The final policy which my dissertation examined was the duty placed on NHS healthcare providers to carry out immigration checks. Under the Immigration Act 2014, undocumented migrants are required to pay the estimated full cost of non-urgent secondary healthcare upfront and are denied treatment if they cannot pay. All NHS healthcare providers must also share migrant patients’ data with the Department of Health and Social Care, which is then passed onto the Home Office to help them with their immigration enforcement functions. In 2016, 6,000 people suspected of lacking documentation were contacted by the Home Office following NHS immigration checks.


A combination of charging plus data-sharing is deterring some of the most vulnerable migrants from accessing life-saving healthcare. For example, my dissertation found that pregnant migrant women routinely avoid seeking NHS antenatal care, whilst some BME migrants have even died due to being denied vital cancer treatment as a result of lacking documentation. The situation was exacerbated by the Covid-19 pandemic. BME migrants were less likely to access NHS treatment for fear of immigration enforcement, despite being amongst the most vulnerable in society to the virus.

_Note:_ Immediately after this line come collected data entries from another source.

(* Under Assumption 1, let $c:[0,\infty)\to(0,\infty)$ and $s:[0,\infty)\to[0,\infty)$ be continuously differentiable, with $c(0)=c_0$ and $s(0)=s_0$, and let $\tilde\Phi$, $\tilde{\mathcal{D}}(t)$ and $\tilde{\mathbf{z}}^\star(t)=\arg\min_{\mathbf{x}\in\tilde{\mathcal{D}}(t)}\tilde\Phi(\mathbf{x},t)$ be as defined below. Let $\mathbf{x}_0\in\mathbb{R}^n$ be arbitrary and $$s_0=\begin{cases}0 & \text{if } \max_i f_i(\mathbf{x}_0,0)\le 0,\\ \max_i f_i(\mathbf{x}_0,0)+\varepsilon & \text{if } \max_i f_i(\mathbf{x}_0,0)>0,\end{cases}$$ for some $\varepsilon>0$. Let $\mathbf{P}\in\mathbb{S}^n_{++}$ with $\mathbf{P}\succeq\sigma\mathbf{I}_n$, $\sigma>0$, and let $\tilde{\mathbf{z}}(t)$ solve $$\dot{\tilde{\mathbf{z}}}(t)=-\nabla_{\mathbf{x}\mathbf{x}}\tilde\Phi(\tilde{\mathbf{z}}(t),t)^{-1}\big(\mathbf{P}\nabla_{\mathbf{x}}\tilde\Phi(\tilde{\mathbf{z}}(t),t)+\nabla_{\mathbf{x}t}\tilde\Phi(\tilde{\mathbf{z}}(t),t)\big),\qquad\tilde{\mathbf{z}}(0)=\mathbf{x}_0,$$ with $\tilde{\mathbf{z}}(t)\in\tilde{\mathcal{D}}(t)$ for all $t\ge0$. Then there is $0\le C(\mathbf{x}_0,c_0,s_0,m)<\infty$ such that $$\|\tilde{\mathbf{z}}(t)-\tilde{\mathbf{z}}^\star(t)\|_2\le C(\mathbf{x}_0,c_0,s_0,m)\,e^{-\sigma t}\quad\text{for all }t\ge0.$$
   Context: Assumption 1: $f_0(\mathbf{x},t)$ and $f_i(\mathbf{x},t)$, $i=1,\dots,p$, are twice continuously differentiable in $\mathbf{x}$ and continuously differentiable in $t$ for $t\ge0$; $\nabla_{\mathbf{x}\mathbf{x}} f_0(\mathbf{x},t)\succeq m\mathbf{I}$ for some $m>0$; each $f_i(\cdot,t)$ is convex for all $t\ge0$. Perturbed barrier: $\tilde\Phi(\mathbf{x},t)=f_0(\mathbf{x},t)-\frac{1}{c(t)}\sum_{i=1}^p\log(s(t)-f_i(\mathbf{x},t))$ on $\tilde{\mathcal{D}}(t)=\{\mathbf{x}: f_i(\mathbf{x},t)<s(t),\ i=1,\dots,p\}$. $\nabla_{\mathbf{x}}$, $\nabla_{\mathbf{x}\mathbf{x}}$ denote gradient and Hessian in $\mathbf{x}$; $\nabla_{\mathbf{x}t}\tilde\Phi$ is the partial time derivative of $\nabla_{\mathbf{x}}\tilde\Phi$. *)

From Stdlib Require Import Reals Lra.
From Stdlib Require Fin.
Open Scope R_scope.

Definition Vec (n : nat) := Fin.t n -> R.
Definition Mat (n : nat) := Fin.t n -> Fin.t n -> R.

Fixpoint sumF (n : nat) : (Fin.t n -> R) -> R :=
  match n return (Fin.t n -> R) -> R with
  | O => fun _ => 0
  | S k => fun g => g Fin.F1 + sumF k (fun i => g (Fin.FS i))
  end.

(* max over Fin.t n, with 0 as base value (only used through the sign
   test "max <= 0" and in the case "max > 0", where it is the true max) *)
Fixpoint maxF0 (n : nat) : (Fin.t n -> R) -> R :=
  match n return (Fin.t n -> R) -> R with
  | O => fun _ => 0
  | S k => fun g => Rmax (g Fin.F1) (maxF0 k (fun i => g (Fin.FS i)))
  end.

Definition vadd {n} (u v : Vec n) : Vec n := fun i => u i + v i.
Definition vsub {n} (u v : Vec n) : Vec n := fun i => u i - v i.
Definition vscale {n} (a : R) (u : Vec n) : Vec n := fun i => a * u i.
Definition dot {n} (u v : Vec n) : R := sumF n (fun i => u i * v i).
Definition norm2 {n} (u : Vec n) : R := sqrt (dot u u).
Definition matvec {n} (A : Mat n) (v : Vec n) : Vec n :=
  fun i => sumF n (fun j => A i j * v j).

Fears of being reported to the Home Office also deterred 43% of the estimated 1.2 million undocumented migrants living in the UK from coming forward for their Covid-19 vaccines. A reduced vaccination rate in migrant communities poses a risk to the wider society, showing that the hostile environment extends far beyond its intended target of undocumented migrants to ultimately touch us all.


The final chapter of my dissertation analysed my findings and critically discussed the extent to which the hostile environment has fostered discrimination and social division. I argued that discrimination and social division is systematic under the hostile environment. Skin colour, names and accents are systematically used to identify undocumented migrants, causing anyone who lacks ethnically British attributes to be denied the basics of life. The Windrush Scandal - which saw British citizens who came to the UK from the Caribbean in the 1950s and 60s being systematically denied their fundamental rights - was caused by the hostile environment policy. Members of the Windrush generation never received documentary proof of their lawful status, and the Home Office destroyed their landing cards in 2010. This led to wide-scale injustices, such as people being denied employment, being evicted from their homes and having to pay healthcare bills of £5,000 or face being denied treatment.


I also found that the hostile environment has fostered systematic social division. Undocumented migrants are deliberately denied jobs, housing and healthcare in order to alienate them from mainstream society and make life as hard as possible for them in the UK. As anyone who looks or sounds ‘different’ is at risk of exclusion, I concluded that the hostile environment ultimately threatens the very fabric of multi-ethnic British society.